• _WHAT YOU HAVE TO DO_: Your answer consists of the lines in the data that contain "pzRingType". Copy each of them.

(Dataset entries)
(* For a in I let Lab a be the set of
   finite-to-one maps [0, a) -> nat ("labellings"); restriction Lab b -> Lab a
   is surjective for a <= b, because [0, b) is countable.  Put
     X a := pullback of f : P -> Q and of the augmentation Q^(Lab a) -> Q,
   a projective module since Q^(Lab a) is, with bonding maps the identity on P
   and the pushforward along restriction on Q^(Lab a); M maps to X a by
   m |-> (i m, 0).  The bonding maps are surjective.  The key point is that a
   compatible family of elements of the Q^(Lab a) vanishes: otherwise the
   (finite, nonempty) supports form a well-ordered inverse system with
   surjective maps, which has a thread (Koenig's lemma), and gluing a thread
   gives a map I -> nat that is finite-to-one below every point, forcing I to
   be countable.  Hence compatible families in the X a are constant elements
   of ker f = M. *)

From HB Require Import structures.
From mathcomp Require Import all_boot all_order all_algebra.
From mathcomp Require Import finmap boolp.
From mathcomp.multinomials Require Import monalg.
Set Implicit Arguments. Unset Strict Implicit. Unset Printing Implicit Defensive.
Import Order.TTheory GRing.Theory.
Local Open Scope ring_scope.

Definition linmap (R : pzRingType) (U V : lmodType R) (f : U -> V) (fL : linear f)
  : {linear U -> V} := HB.pack f (GRing.isLinear.Build R U V *:%R f fL).

Section DirectSum.
Variables (R : pzRingType) (Q : lmodType R) (K : choiceType).

(* The direct sum Q^(K) of K copies of Q: finitely supported families,
   with R acting coefficientwise. *)
Definition dsum := {malg Q[K]}.
HB.instance Definition _ := GRing.Zmodule.on dsum.

Definition dsum_scale (a : R) (x : dsum) : dsum :=
  \sum_(k <- msupp x) << a *: x@_k *g k >>.

Lemma dsum_scaleE a x k : (dsum_scale a x)@_k = a *: x@_k.
Proof.
rewrite /dsum_scale raddf_sum /= [in RHS](monalgE x) raddf_sum scaler_sumr /=.
by apply/eq_bigr=> i _; rewrite !mcoeffU scalerMnr.
Qed.

Lemma dsum_scaleA a b x : dsum_scale a (dsum_scale b x) = dsum_scale (a * b) x.
Proof. by apply/malgP=> k; rewrite !dsum_scaleE scalerA. Qed.
Lemma dsum_scale1 x : dsum_scale 1 x = x.
Proof. by apply/malgP=> k; rewrite !dsum_scaleE scale1r. Qed.
Lemma dsum_scaleDr a x y : dsum_scale a (x + y) = dsum_scale a x + dsum_scale a y.
Proof. by apply/malgP=> k; rewrite !(mcoeffD, dsum_scaleE) scalerDr. Qed.
Lemma dsum_scaleDl x a b : dsum_scale (a + b) x = dsum_scale a x + dsum_scale b x.
Proof. by apply/malgP=> k; rewrite !(mcoeffD, dsum_scaleE) scalerDl. Qed.

HB.instance Definition _ := GRing.Zmodule_isLmodule.Build R dsum
  dsum_scaleA dsum_scale1 dsum_scaleDr dsum_scaleDl.

Lemma dsumZE a (x : dsum) k : (a *: x)@_k = a *: x@_k.
Proof. exact: dsum_scaleE. Qed.

Definition dsumU k (q : Q) : dsum := << q *g k >>.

• _EXERCISE SOLUTION_:
Definition linmap (R : pzRingType) (U V : lmodType R) (f : U -> V) (fL : linear f)
Variables (R : pzRingType) (Q : lmodType R) (K : choiceType).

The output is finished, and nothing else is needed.